A while back I wrote a post on how to create a sitemap in the standard sitemap.org format using Python. This post does the same task using PowerShell. The solution presented here is an idiomatic PowerShell solution using pipes, not a direct translation of the Python code. I’ll introduce the script in pieces, then present the entire script at the end.

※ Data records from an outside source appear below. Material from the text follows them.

Lemma Cmod_sub_le_of_is_derive_C (g dg : R -> C) (a b M : R) :
  a <= b ->
  (forall x, a <= x <= b -> is_derive_C g x (dg x)) ->
  (forall x, a <= x <= b -> Cmod (dg x) <= M) ->
  Cmod (Cminus (g b) (g a)) <= M * (b - a).
Proof.
  intros Hab Hd HM.
  (* Apply the real mean value theorem to the component of [g] along [v]. *)
  set (v := Cminus (g b) (g a)).
  set (h := fun y => Re v * Re (g y) + Im v * Im (g y)).
  assert (Hh : forall y, a <= y <= b -> is_derive h y (Re v * Re (dg y) + Im v * Im (dg y))).
  { intros y Hy. destruct (Hd y Hy) as [H1 H2].
    apply (is_derive_plus (fun y => Re v * Re (g y)) (fun y => Im v * Im (g y)));
      apply is_derive_scal; assumption. }
  destruct (MVT_gen h a b (fun y => Re v * Re (dg y) + Im v * Im (dg y))) as [c [Hc Ec]].
  - intros y Hy. rewrite Rmin_left, Rmax_right in Hy by lra. apply Hh. lra.
  - intros y Hy. rewrite Rmin_left, Rmax_right in Hy by lra.
    exact (is_derive_continuity_pt _ _ _ (Hh y Hy)).
  - rewrite Rmin_left, Rmax_right in Hc by lra.
    assert (Hv : h b - h a = Cmod v ^ 2).
    { rewrite Cmod2_alt. unfold h, v, Cminus, Cplus, Copp, Re, Im. simpl. ring. }
    assert (Hdot : Re v * Re (dg c) + Im v * Im (dg c) <= Cmod v * M).
    { replace (Re v * Re (dg c) + Im v * Im (dg c)) with (Re (Cmult (Cconj v) (dg c)))
        by (unfold Cmult, Cconj, Re, Im; simpl; ring).
      eapply Rle_trans; [apply Rle_abs|]. eapply Rle_trans; [apply re_le_Cmod|].
      rewrite Cmod_mult, Cmod_conj.
      apply Rmult_le_compat_l; [apply Cmod_ge_0 | apply HM; exact Hc]. }
    assert (HM0 : 0 <= M) by (eapply Rle_trans; [apply Cmod_ge_0 | apply (HM a); lra]).
    assert (Hsq : Cmod v * Cmod v <= Cmod v * (M * (b - a))).
    { replace (Cmod v * Cmod v) with (Cmod v ^ 2) by ring. rewrite <- Hv, Ec.
      replace (Cmod v * (M * (b - a))) with ((Cmod v * M) * (b - a)) by ring.
      apply Rmult_le_compat_r; lra. }
    pose proof (Cmod_ge_0 v). destruct (Req_dec (Cmod v) 0) as [E|E].
    + rewrite E. apply Rmult_le_pos; lra.
    + apply (Rmult_le_reg_l (Cmod v)); lra.
Qed.

Lemma is_derive_RInt_param_FTC (f d G : R -> R -> R) (x : R) :
  locally x (fun u => forall v, 0 <= v <= 1 -> is_derive (fun u' => f u' v) u (d u v)) ->
  (forall v, 0 <= v <= 1 ->
     locally_2d (fun u w => is_derive (fun u' => f u' w) u (d u w)) x v /\
     continuity_2d_pt d x v /\ is_derive (G x) v (d x v)) ->
  locally x (fun u => ex_RInt (f u) 0 1) ->
  is_derive (fun u => RInt (f u) 0 1) x (G x 1 - G x 0).
Proof.
  intros Hloc Hpt Hint.
  assert (Hv : forall v, Rmin 0 1 <= v <= Rmax 0 1 -> 0 <= v <= 1)
    by (intros v; rewrite Rmin_left, Rmax_right by lra; tauto).
  replace (G x 1 - G x 0) with (RInt (fun v => Derive (fun u => f u v) x) 0 1).
  - apply is_derive_RInt_param.
    + destruct Hloc as [e He]. exists e. intros u Hu v Hv'.
      eexists. apply (He u Hu v (Hv v Hv')).
    + intros v Hv'. destruct (Hpt v (Hv v Hv')) as [Hd [Hc _]].
      apply (continuity_2d_pt_ext_loc d); [|exact Hc].
      apply (locally_2d_impl _ _ _ _ (locally_2d_forall _ x v
               (fun u w H => eq_sym (is_derive_unique _ _ _ H))) Hd).
    + exact Hint.
  - rewrite (RInt_ext _ (d x)).
    2:{ intros v Hv'. apply is_derive_unique.
        apply (locally_2d_singleton _ _ _ (proj1 (Hpt v (Hv v ltac:(lra))))). }
    apply is_RInt_unique, (is_RInt_derive (G x) (d x)).
    + intros v Hv'. apply Hpt, Hv, Hv'.
    + intros v Hv'. apply continuity_pt_filterlim.
      apply (continuity_2d_pt_slice d), Hpt, Hv, Hv'.
Qed.

Lemma is_derive_C_RInt_param_FTC (f dF G : R -> R -> C) (x : R) :
  locally x (fun u => forall v, 0 <= v <= 1 -> is_derive_C (fun u' => f u' v) u (dF u v)) ->
  (forall v, 0 <= v <= 1 ->
     locally_2d (fun u w => is_derive_C (fun u' => f u' w) u (dF u w)) x v /\
     continuity_2d_pt (fun u w => Re (dF u w)) x v /\
     continuity_2d_pt (fun u w => Im (dF u w)) x v /\
     is_derive_C (G x) v (dF x v)) ->
  locally x (fun u => ex_RInt (fun v => Re (f u v)) 0 1 /\ ex_RInt (fun v => Im (f u v)) 0 1) ->
  is_derive_C (fun u => (RInt (fun v => Re (f u v)) 0 1, RInt (fun v => Im (f u v)) 0 1)) x
    (Cminus (G x 1) (G x 0)).
Proof.
  intros Hloc Hpt Hint.
  assert (Hproj : forall z w : C, Cminus z w = (Re z - Re w, Im z - Im w))
    by (intros [] []; unfold Cminus, Cplus, Copp, Re, Im; simpl; f_equal; ring).
  rewrite Hproj. split.
  - apply (is_derive_RInt_param_FTC (fun u v => Re (f u v)) (fun u v => Re (dF u v))
             (fun u v => Re (G u v))).
    + apply (filter_imp _ _ (fun u H v Hv => proj1 (H v Hv)) Hloc).
    + intros v Hv. destruct (Hpt v Hv) as [Hd [Hc1 [_ [HG _]]]]. refine (conj _ (conj Hc1 HG)).
      apply (locally_2d_impl _ _ _ _ (locally_2d_forall _ x v (fun u w H => proj1 H)) Hd).
    + apply (filter_imp _ _ (fun u H => proj1 H) Hint).
  - apply (is_derive_RInt_param_FTC (fun u v => Im (f u v)) (fun u v => Im (dF u v))
             (fun u v => Im (G u v))).
    + apply (filter_imp _ _ (fun u H v Hv => proj2 (H v Hv)) Hloc).
    + intros v Hv. destruct (Hpt v Hv) as [Hd [_ [Hc2 [_ HG]]]]. refine (conj _ (conj Hc2 HG)).
      apply (locally_2d_impl _ _ _ _ (locally_2d_forall _ x v (fun u w H => proj2 H)) Hd).
    + apply (filter_imp _ _ (fun u H => proj2 H) Hint).
Qed.

Ltac continuity_2d :=
  match goal with
  | |- continuity_2d_pt (fun u v => @?f u v + @?g u v) _ _ =>
      apply (continuity_2d_pt_plus f g); continuity_2d
  | |- continuity_2d_pt (fun u v => @?f u v - @?g u v) _ _ =>
      apply (continuity_2d_pt_minus f g); continuity_2d
  | |- continuity_2d_pt (fun u v => @?f u v * @?g u v) _ _ =>
      apply (continuity_2d_pt_mult f g); continuity_2d
  | |- continuity_2d_pt (fun u v => - @?f u v) _ _ =>
      apply (continuity_2d_pt_opp f); continuity_2d
  | |- continuity_2d_pt (fun u v => / @?f u v) _ _ =>
      apply (continuity_2d_pt_inv f); [continuity_2d|]
  | |- continuity_2d_pt (fun u v => (@?f u v) ^ 2) _ _ =>
      apply (continuity_2d_pt_ext (fun u v => f u v * f u v));
      [intros; simpl; ring | continuity_2d]
  | |- continuity_2d_pt (fun u v => cos (@?f u v)) _ _ =>
      apply (continuity_1d_2d_pt_comp cos f); [apply continuity_cos | continuity_2d]
  | |- continuity_2d_pt (fun u v => sin (@?f u v)) _ _ =>
      apply (continuity_1d_2d_pt_comp sin f); [apply continuity_sin | continuity_2d]
  | |- continuity_2d_pt (fun u v => u) _ _ => apply continuity_2d_pt_id1
  | |- continuity_2d_pt (fun u v => v) _ _ => apply continuity_2d_pt_id2
  | |- continuity_2d_pt (fun u v => _) _ _ => apply continuity_2d_pt_const
  | _ => idtac
  end.

Lemma sin_sq_add_cos_sq (u : R) : sin u ^ 2 + cos u ^ 2 = 1.
Proof. pose proof (sin2_cos2 u) as H. unfold Rsqr in H. lra. Qed.

Definition cpolar (rho phi : R) : C := (rho * cos phi, rho * sin phi).

Lemma Cmod_cpolar (rho phi : R) : 0 <= rho -> Cmod (cpolar rho phi) = rho.
Proof.
  intros H. unfold Cmod, cpolar. simpl.
  replace (rho * cos phi * (rho * cos phi * 1) + rho * sin phi * (rho * sin phi * 1))
    with (rho ^ 2 * (sin phi ^ 2 + cos phi ^ 2)) by ring.
  rewrite sin_sq_add_cos_sq, Rmult_1_r. apply sqrt_pow2, H.
Qed.

Section DilogarithmOnCircle.

Variable rho : R.
Hypothesis rho_pos : 0 < rho.

Definition one_sub_sz (phi s : R) : C := (1 - s * (rho * cos phi), - (s * (rho * sin phi))).

Definition sqnorm_one_sub_sz (phi s : R) : R :=
  (1 - s * (rho * cos phi)) ^ 2 + (s * (rho * sin phi)) ^ 2.

(* [dlog phi s = - z / (1 - s z)] with [z = cpolar rho phi], the [s]-derivative of
   [cln (1 - s z)]. *)
Definition dlog (phi s : R) : C :=
  ((s * rho ^ 2 - rho * cos phi) / sqnorm_one_sub_sz phi s,
   - (rho * sin phi) / sqnorm_one_sub_sz phi s).

Lemma one_sub_sz_eq (phi s : R) :
  Cminus 1 (Cmult (RtoC s) (cpolar rho phi)) = one_sub_sz phi s.
Proof.
  unfold Cminus, Cmult, Cplus, Copp, RtoC, cpolar, one_sub_sz. simpl. f_equal; ring.
Qed.

Lemma re_or_im_pos_one_sub_sz (phi s : R) :
  sin phi < 0 -> 0 <= s -> re_or_im_pos (one_sub_sz phi s).
Proof.
  intros Hs Hs0. unfold re_or_im_pos, one_sub_sz, Re, Im; simpl.
  destruct (Req_dec s 0) as [->|Hn]; [left; lra|].
  right. assert (0 < s * rho) by (apply Rmult_lt_0_compat; lra). nra.
Qed.

Lemma sqnorm_one_sub_sz_pos (phi s : R) :
  re_or_im_pos (one_sub_sz phi s) -> 0 < sqnorm_one_sub_sz phi s.
Proof.
  intros H. apply re_or_im_pos_sqnorm in H.
  unfold sqnorm_one_sub_sz, one_sub_sz, Re, Im in *; simpl in *. nra.
Qed.

Lemma locally_2d_re_or_im_pos_one_sub_sz (phi s : R) :
  re_or_im_pos (one_sub_sz phi s) ->
  locally_2d (fun u v => re_or_im_pos (one_sub_sz u v)) phi s.
Proof.
  unfold re_or_im_pos, one_sub_sz, Re, Im; simpl. intros [H|H].
  - assert (Hc : continuity_2d_pt (fun u v => 1 - v * (rho * cos u)) phi s) by continuity_2d.
    apply (locally_2d_impl _ _ _ _ (locally_2d_forall _ _ _ (fun u v H => or_introl H))).
    exact (continuity_2d_pt_locally_pos _ _ _ Hc H).
  - assert (Hc : continuity_2d_pt (fun u v => - (v * (rho * sin u))) phi s) by continuity_2d.
    apply (locally_2d_impl _ _ _ _ (locally_2d_forall _ _ _ (fun u v H => or_intror H))).
    exact (continuity_2d_pt_locally_pos _ _ _ Hc H).
Qed.

Lemma is_derive_C_cln_one_sub_sz_s (phi s : R) :
  re_or_im_pos (one_sub_sz phi s) ->
  is_derive_C (fun v => cln (one_sub_sz phi v)) s (dlog phi s).
Proof.
  intros Hg. pose proof (sqnorm_one_sub_sz_pos _ _ Hg) as Hd.
  replace (dlog phi s) with (Cdiv (- (rho * cos phi), - (rho * sin phi)) (one_sub_sz phi s)).
  - apply is_derive_C_cln; [|exact Hg].
    split; simpl; (auto_derive; [exact I | ring]).
  - unfold dlog, sqnorm_one_sub_sz, Cdiv, Cmult, Cinv, one_sub_sz in *. cbn [fst snd] in *.
    replace (s * rho ^ 2) with (s * rho ^ 2 * (sin phi ^ 2 + cos phi ^ 2))
      by (rewrite sin_sq_add_cos_sq; ring).
    f_equal; field; nra.
Qed.

Lemma is_derive_C_cln_one_sub_sz_phi (phi s : R) :
  re_or_im_pos (one_sub_sz phi s) ->
  is_derive_C (fun u => cln (one_sub_sz u s)) phi
    (Cdiv (Cmult (Copp Ci) (Cmult (RtoC s) (cpolar rho phi))) (one_sub_sz phi s)).
Proof.
  intros Hg. apply (is_derive_C_cln (fun u => one_sub_sz u s)); [|exact Hg].
  split; simpl; (auto_derive; [exact I | ring]).
Qed.

Lemma Li2_integrand_cpolar (phi s : R) :
  Li2_integrand (cpolar rho phi) s =
  if Req_EM_T s 0 then Copp (cpolar rho phi)
  else (/ s * Re (cln (one_sub_sz phi s)), / s * Im (cln (one_sub_sz phi s))).
Proof.
  unfold Li2_integrand. destruct (Req_EM_T s 0); [reflexivity|].
  rewrite one_sub_sz_eq. unfold Cmult, RtoC, Re, Im. cbn [fst snd]. f_equal; ring.
Qed.

Lemma cln_one_sub_sz_0 (phi : R) : cln (one_sub_sz phi 0) = (0, 0).
Proof.
  replace (one_sub_sz phi 0) with (RtoC 1) by (unfold one_sub_sz, RtoC; f_equal; ring).
  unfold cln. rewrite Cmod_1, ln_1, carg_re_pos by (simpl; lra).
  unfold Re, Im, RtoC; simpl. rewrite Rdiv_0_l, atan_0. reflexivity.
Qed.

Lemma is_derive_C_cln_one_sub_sz_0 (phi : R) :
  is_derive_C (fun v => cln (one_sub_sz phi v)) 0 (Copp (cpolar rho phi)).
Proof.
  replace (Copp (cpolar rho phi)) with (dlog phi 0).
  - apply is_derive_C_cln_one_sub_sz_s. unfold re_or_im_pos, one_sub_sz, Re; simpl; lra.
  - assert (E : sqnorm_one_sub_sz phi 0 = 1) by (unfold sqnorm_one_sub_sz; ring).
    unfold dlog, Copp, cpolar. rewrite E. cbn [fst snd]. f_equal; field.
Qed.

The final line of the script is
dir | wrap | out-file -encoding ASCII sitemap.xml
The heart of the script is the function wrap
that wraps each file’s properties in the necessary XML tags. This function uses the pipeline, and so it has begin
, process
, and end
blocks. The begin
block prints out the XML header and the opening <urlset>
tag. The end
block prints out the closing </urlset>
tag. In between is the process
block that does most of the work.
Since all unassigned expressions are returned from PowerShell functions, the code is very clean. No need for print statements, just state the strings that make up the output. Variable interpolation helps keep the code succinct as well: simply use the name of a variable where you want to insert that variable’s value in a string. (Be sure to use double quotes if you want interpolation.)
The wrap
function uses the implicit variable $_
which means “the next thing in the pipeline.” Since we’re piping in the output of dir
(alias for Get-ChildItem
), $_
represents a FileSystemInfo
object. We look at the extension
property on this object to see whether the file is one of the types we want to include in the sitemap. In this case, .html
, .htm
, or .pdf
. Obviously you can edit the value of the variable $extensions
if you want to include different file types in your sitemap.

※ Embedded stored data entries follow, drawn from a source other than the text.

Lemma quot_proj_decomp p (X : 'M[k]_(p, m)) :
  (X <= K)%MS -> (X - X *m quot_proj *m quot_basis <= I)%MS.
Proof.
move=> sXK; have sXM : (X <= M)%MS.
  rewrite (submx_trans sXK) // -addsmxE -{1}(addsmx_diff_cap_eq K I).
  by apply: addsmxS; rewrite eq_row_base ?capmxSr.
rewrite -{1}(mulmxKpV sXM) -[pinvmx M]hsubmxK mul_mx_row mul_row_col.
by rewrite addrAC subrr add0r mulmx_sub ?eq_row_base.
Qed.

End QuotientBasis.

Section ComplexCohomology.
Variables (k : fieldType) (n : int -> nat) (d : forall i : int, 'M[k]_(n i, n (i + 1))).
Hypothesis hd : is_complex d.
Implicit Types (f g : forall i : int, 'M[k]_(n i)) (i j : int).

(* Generalizes [i - 1] to a fresh [j] and substitutes [i := j + 1], so that the casts
   along [eq_prev n i] become casts along reflexive equations. *)
Local Ltac shift_index i :=
  rewrite /dprev; move: (eq_prev n i) (subrK 1 i); move: (i - 1) => ? ? ?; subst i.

Lemma dprev_mulmx_d i : dprev d i *m d i = 0.
Proof. by shift_index i; rewrite castmx_id hd. Qed.

Lemma dprev_chain f i : is_chain_map d f -> dprev d i *m f i = f (i - 1) *m dprev d i.
Proof. by move=> hf; shift_index i; rewrite !castmx_id hf. Qed.

Lemma d_sub_dprev j : (d j <= dprev d (j + 1))%MS.
Proof.
rewrite /dprev; move: (eq_prev n (j + 1)) (addrK 1 j); move: (j + 1 - 1) => j' E ej.
by subst j'; rewrite castmx_id.
Qed.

Getting the file timestamp in the necessary format is particularly easy. The format specifier {0:s}
causes the date and time to be written in the ISO 8601 format that the sitemap standard requires. The Z
tacked on at the end says that time is UTC rather than some other time zone.

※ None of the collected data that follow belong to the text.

(* Let $G$ be a finite simple graph on a vertex set $V$ with $|V|=n\ge2$, and let $k\ge1$. Let $\mathscr A=\{I(K_n\setminus e)\}^{*\infty}\cup\{I(K_n)\}$ (graphs on $V$), and let $\mathscr W_k=\mathscr A+\dots+\mathscr A+\{I(K_n)\}$ with $k-1$ summands $\mathscr A$ (so $\mathscr W_1=\{I(K_n)\}$). Then $G$ has a proper edge colouring with $k$ colours if and only if there exists $H\in\{I(G)\}*\mathscr W_k$ such that for every $a\in\{1,\dots,k\}$ every element of $s(\{I(U_a(H))\}*\{I(K_{1,n-1})\})$ is at most $1$.
   Context: Take $R=\mathbb{Z}$ (or $\mathbb R$). An $R$-weighted complete graph $K$ is a finite vertex set with a weight $v_K(e)\in R$ on every 2-subset $e$. For such $H,G'$ with equal vertex counts and a bijection $f:V(H)\to V(G')$, $H*_fG'$ has vertex set $V(H)$ and weights $v_H(\{x,y\})v_{G'}(\{f(x),f(y)\})$; $H*G'=\{H*_fG': f \text{ bijection}\}$, and for sets $\mathscr H*\mathscr G=\bigcup_{H\in\mathscr H,G'\in\mathscr G}H*G'$. $s(K)=\sum_e v_K(e)$, $s(\mathscr K)=\{s(K):K\in\mathscr K\}$. For weighted complete graphs $H_1,H_2$ on the same vertex set, $H_1+H_2$ has weights $v_{H_1}+v_{H_2}$; for sets on a common vertex set, $\mathscr H_1+\mathscr H_2=\{H_1+H_2\}$. For a set $\mathscr X$, $\mathscr X^{*1}=\mathscr X$, $\mathscr X^{*(m+1)}=\mathscr X^{*m}*\mathscr X$; if there is $N$ with $\mathscr X^{*m}=\mathscr X^{*N}$ for all $m\ge N$, then $\mathscr X^{*\infty}:=\mathscr X^{*N}$ (this exists for $\mathscr X=\{I(K_n\setminus e)\}$). $K_n\setminus e$ is the complete graph on $V$ with one edge removed. For a simple graph $G$, $I(G)$ has weight $1$ on edges and $0$ on non-edges. For $a\in R$ and a weighted complete graph $H$, $U_a(H)$ is the unweighted graph on $V(H)$ whose edges are the pairs $e$ with $v_H(e)=a$. *)

From HB Require Import structures.
From mathcomp Require Import all_boot all_order all_algebra all_fingroup.
Set Implicit Arguments. Unset Strict Implicit. Unset Printing Implicit Defensive.
Import Order.TTheory GRing.Theory Num.Theory.
Local Open Scope ring_scope.

Section WG.
Variable T : finType.

(* A weighted complete graph on vertex set T: a weight on every 2-subset of T.
   Canonical representation: value 0 on subsets that are not 2-subsets. *)
Definition wgraph := {ffun {set T} -> int}.

Definition two (e : {set T}) : bool := #|e| == 2%N.

Definition wset := wgraph -> Prop.

Definition wseteq (S1 S2 : wset) : Prop := forall K, S1 K <-> S2 K.

Definition wsingle (K : wgraph) : wset := fun H => H = K.

Definition wprod (f : {perm T}) (H G : wgraph) : wgraph :=
  [ffun e => if two e then H e * G (f @: e) else 0].

Definition wsprod (S1 S2 : wset) : wset :=
  fun K => exists H G f, [/\ S1 H, S2 G & K = wprod f H G].

Definition wadd (H1 H2 : wgraph) : wgraph :=
  [ffun e => if two e then H1 e + H2 e else 0].

Definition wsadd (S1 S2 : wset) : wset :=
  fun K => exists H1 H2, [/\ S1 H1, S2 H2 & K = wadd H1 H2].

Definition wsunion (S1 S2 : wset) : wset := fun K => S1 K \/ S2 K.

Definition wsum (K : wgraph) : int := \sum_(e : {set T} | two e) K e.

(* X^{* (m.+1)} *)
Fixpoint wpow_aux (X : wset) (m : nat) : wset :=
  match m with
  | 0 => X
  | m'.+1 => wsprod (wpow_aux X m') X
  end.

Definition wpow (X : wset) (m : nat) : wset := wpow_aux X m.-1.

Definition wstable (X : wset) (N : nat) : Prop :=
  (1 <= N)%N /\ forall m, (N <= m)%N -> wseteq (wpow X m) (wpow X N).

(* X^{*oo} := X^{*N} for any N at which the powers stabilise
   (all such N give the same set; empty if no such N exists). *)
Definition wpowinf (X : wset) : wset :=
  fun K => exists N, wstable X N /\ wpow X N K.

Definition simple_graph (E : {set {set T}}) : Prop := forall e, e \in E -> two e.

Definition Ig (E : {set {set T}}) : wgraph :=
  [ffun e => if two e && (e \in E) then 1 else 0].

Definition Kn : {set {set T}} := [set e | two e].

Definition Kn_minus (e0 : {set T}) : {set {set T}} := [set e | two e & e != e0].

Definition star (c : T) : {set {set T}} := [set e | two e & c \in e].

Definition U (a : int) (H : wgraph) : {set {set T}} := [set e | two e & H e == a].

Definition Aset (e0 : {set T}) : wset :=
  wsunion (wpowinf (wsingle (Ig (Kn_minus e0)))) (wsingle (Ig Kn)).

(* W_{m.+1} = A + ... + A + {I(K_n)} with m summands A *)
Fixpoint W_aux (e0 : {set T}) (m : nat) : wset :=
  match m with
  | 0 => wsingle (Ig Kn)
  | m'.+1 => wsadd (Aset e0) (W_aux e0 m')
  end.

Definition W (e0 : {set T}) (k : nat) : wset := W_aux e0 k.-1.

Definition proper_edge_colouring (E : {set {set T}}) (k : nat) : Prop :=
  exists c : {set T} -> 'I_k,
    forall e1 e2, e1 \in E -> e2 \in E -> e1 != e2 ->
      ~~ [disjoint e1 & e2] -> c e1 != c e2.

End WG.

From mathcomp Require Import all_boot all_order all_algebra all_fingroup.
From mathcomp Require Import zify.
Set Implicit Arguments. Unset Strict Implicit. Unset Printing Implicit Defensive.
Import Order.TTheory GRing.Theory Num.Theory.
Local Open Scope ring_scope.

(* Powers of I(K_n \ e0) are exactly the graphs I(K_n \ S) with e0 in S, so
   a member of W_k is, on every pair, an integer between 1 and k, and any
   such layered graph 1 + min(col, k-1) with col e0 = 0 lies in W_k.  Thus the
   graphs H of I(G) * W_k are the graphs carrying a k-colouring on the edges
   of G, with U_a(H) the class of colour a.  Finally, I(U_a H) *_f I(K_{1,n-1})
   counts the edges of U_a(H) through the vertex f^-1(c), and every vertex is
   of that form, so the sum condition says that each colour class is a
   matching. *)

Section WeightedGraphs.
Variable T : finType.
Implicit Types (e : {set T}) (A B E S M : {set {set T}}) (f : {perm T}).

Lemma two_imset_perm f e : two (f @: e) = two e.
Proof. by rewrite /two card_imset //; apply: perm_inj. Qed.

Lemma imset_perm1 e : (1%g : {perm T}) @: e = e.
Proof. by rewrite (eq_imset _ (@perm1 _)) imset_id. Qed.

Lemma imset_permK f e : f^-1%g @: (f @: e) = e.
Proof. by rewrite -imset_comp (eq_imset _ (permK f)) imset_id. Qed.

Lemma eq_imset_perm f e e' : (f @: e == e') = (e == f^-1%g @: e').
Proof. by rewrite -(inj_eq (imset_inj (@perm_inj _ f^-1%g))) imset_permK. Qed.

Lemma mem_imset_perm f e x : (x \in f @: e) = (f^-1%g x \in e).
Proof. by rewrite -{1}(permKV f x) mem_imset //; apply: perm_inj. Qed.

Lemma two_perm_transitive e e' : two e -> two e' -> exists f, f @: e = e'.
Proof.
move=> /cards2P [x [y [xy ->]]] /cards2P [u [v [uv ->]]].
pose g := tperm x u; pose h := tperm (g y) v.
have gyu : g y != u by rewrite -[u](tpermL x u) (inj_eq (@perm_inj _ g)) eq_sym.
exists (g * h)%g.
by rewrite imsetU1 imset_set1 !permM /g tpermL -/g /h tpermL tpermD // eq_sym.
Qed.

Lemma IgE A e : Ig A e = if two e && (e \in A) then 1 else 0.
Proof. by rewrite ffunE. Qed.

Lemma wprodE f (H G : wgraph T) e : two e -> wprod f H G e = H e * G (f @: e).
Proof. by move=> te; rewrite ffunE te. Qed.

Lemma wprod_Ig f A B : wprod f (Ig A) (Ig B) = Ig [set e in A | f @: e \in B].
Proof.
apply/ffunP => e; rewrite ffunE !IgE inE two_imset_perm.
by case: (two e) (e \in A) (f @: e \in B) => [] [] [].
Qed.

Lemma wsum_Ig A : wsum (Ig A) = #|[set e in A | two e]|%:Z.
Proof.
rewrite /wsum (eq_bigr (fun e => if e \in A then 1 else 0)); last first.
  by move=> e te; rewrite IgE te.
rewrite -big_mkcondr sumr_const natz; congr Posz.
by apply: eq_card => e; rewrite !inE andbC.
Qed.

Definition matching M : Prop :=
  {in M &, forall e1 e2, e1 != e2 -> [disjoint e1 & e2]}.

Lemma matching_card M : matching M <-> forall v, (#|[set e in M | v \in e]| <= 1)%N.
Proof.
split=> [match_M v | le1 e1 e2 e1M e2M].
  apply/card_le1_eqP => e1 e2; rewrite !inE => /andP [e1M ve1] /andP [e2M ve2].
  apply/eqP; apply: contraT; rewrite eq_sym => /(match_M _ _ e1M e2M).
  by move=> /pred0P /(_ v); rewrite /= ve1 ve2.
apply: contraR => /pred0Pn [v /andP [ve1 ve2]]; apply/eqP.
by apply: (elimT card_le1_eqP (le1 v)); rewrite inE ?e1M ?e2M.
Qed.

Lemma wsum_star_product f M c : simple_graph M ->
  wsum (wprod f (Ig M) (Ig (star c))) = #|[set e in M | f^-1%g c \in e]|%:Z.
Proof.
move=> simM; rewrite wprod_Ig wsum_Ig; congr Posz; apply: eq_card => e.
rewrite !inE two_imset_perm mem_imset_perm.
by case eM: (e \in M) => //=; rewrite (simM e eM) andbT.
Qed.

Lemma star_sums_le1P M c : simple_graph M ->
  (forall x, wsprod (wsingle (Ig M)) (wsingle (Ig (star c))) x -> wsum x <= 1)
  <-> matching M.
Proof.
move=> simM; rewrite matching_card.
split=> [le1 v | le1 _ [_ [_ [f [-> -> ->]]]]]; last first.
  by rewrite wsum_star_product // lez_nat.
have := le1 (wprod (tperm v c) (Ig M) (Ig (star c))).
rewrite wsum_star_product // tpermV tpermR lez_nat; apply.
by exists (Ig M), (Ig (star c)), (tperm v c).
Qed.

Lemma U_simple (a : int) (H : wgraph T) : simple_graph (U a H).
Proof. by move=> e; rewrite inE => /andP []. Qed.

Lemma proper_edge_colouringP E k : proper_edge_colouring E k <->
  exists col : {set T} -> 'I_k, forall a, matching [set e in E | col e == a].
Proof.
split=> -[col proper_col]; exists col.
  move=> a e1 e2; rewrite !inE => /andP [e1E /eqP e1a] /andP [e2E /eqP e2a] ne.
  apply: contraT => /(proper_col _ _ e1E e2E ne).
  by rewrite e1a e2a eqxx.
move=> e1 e2 e1E e2E ne; apply: contra => /eqP same_col.
by apply: (proper_col (col e1)); rewrite // inE ?e1E ?e2E -?same_col eqxx.
Qed.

This script will produce a file sitemap.xml
in the standard format. Once you upload the sitemap to your server, you’ve got to let the search engines know how to find it. The simplest way to do this is to create a file called robots.txt
at the top of your site containing one line, Sitemap:
followed by the URL of your sitemap.
Sitemap: http://www.yourdomain.com/sitemap.xml
Now here’s the full script.
# Change this to your URL
$domain = "http://www.yourdomain.com"
# file extensions to include in sitemap
$extensions = ".htm", ".html", ".pdf"
# wrap file information in XML tags
function wrap
{
begin
{
'<?xml version="1.0" encoding="UTF-8"?>'
'<urlset xmlns="http://www.sitemaps.org/schemas/sitemap/0.9">'
}
process
{
if ($extensions -contains $_.extension)
{
"`t<url>"
"`t`t<loc>$domain/$_</loc>"
"`t`t<lastmod>{0:s}Z</lastmod>" -f $_.LastWriteTimeUTC
"`t</url>"
}
}
end
{
"</urlset>"
}
}
dir | wrap | out-file -encoding ASCII sitemap.xml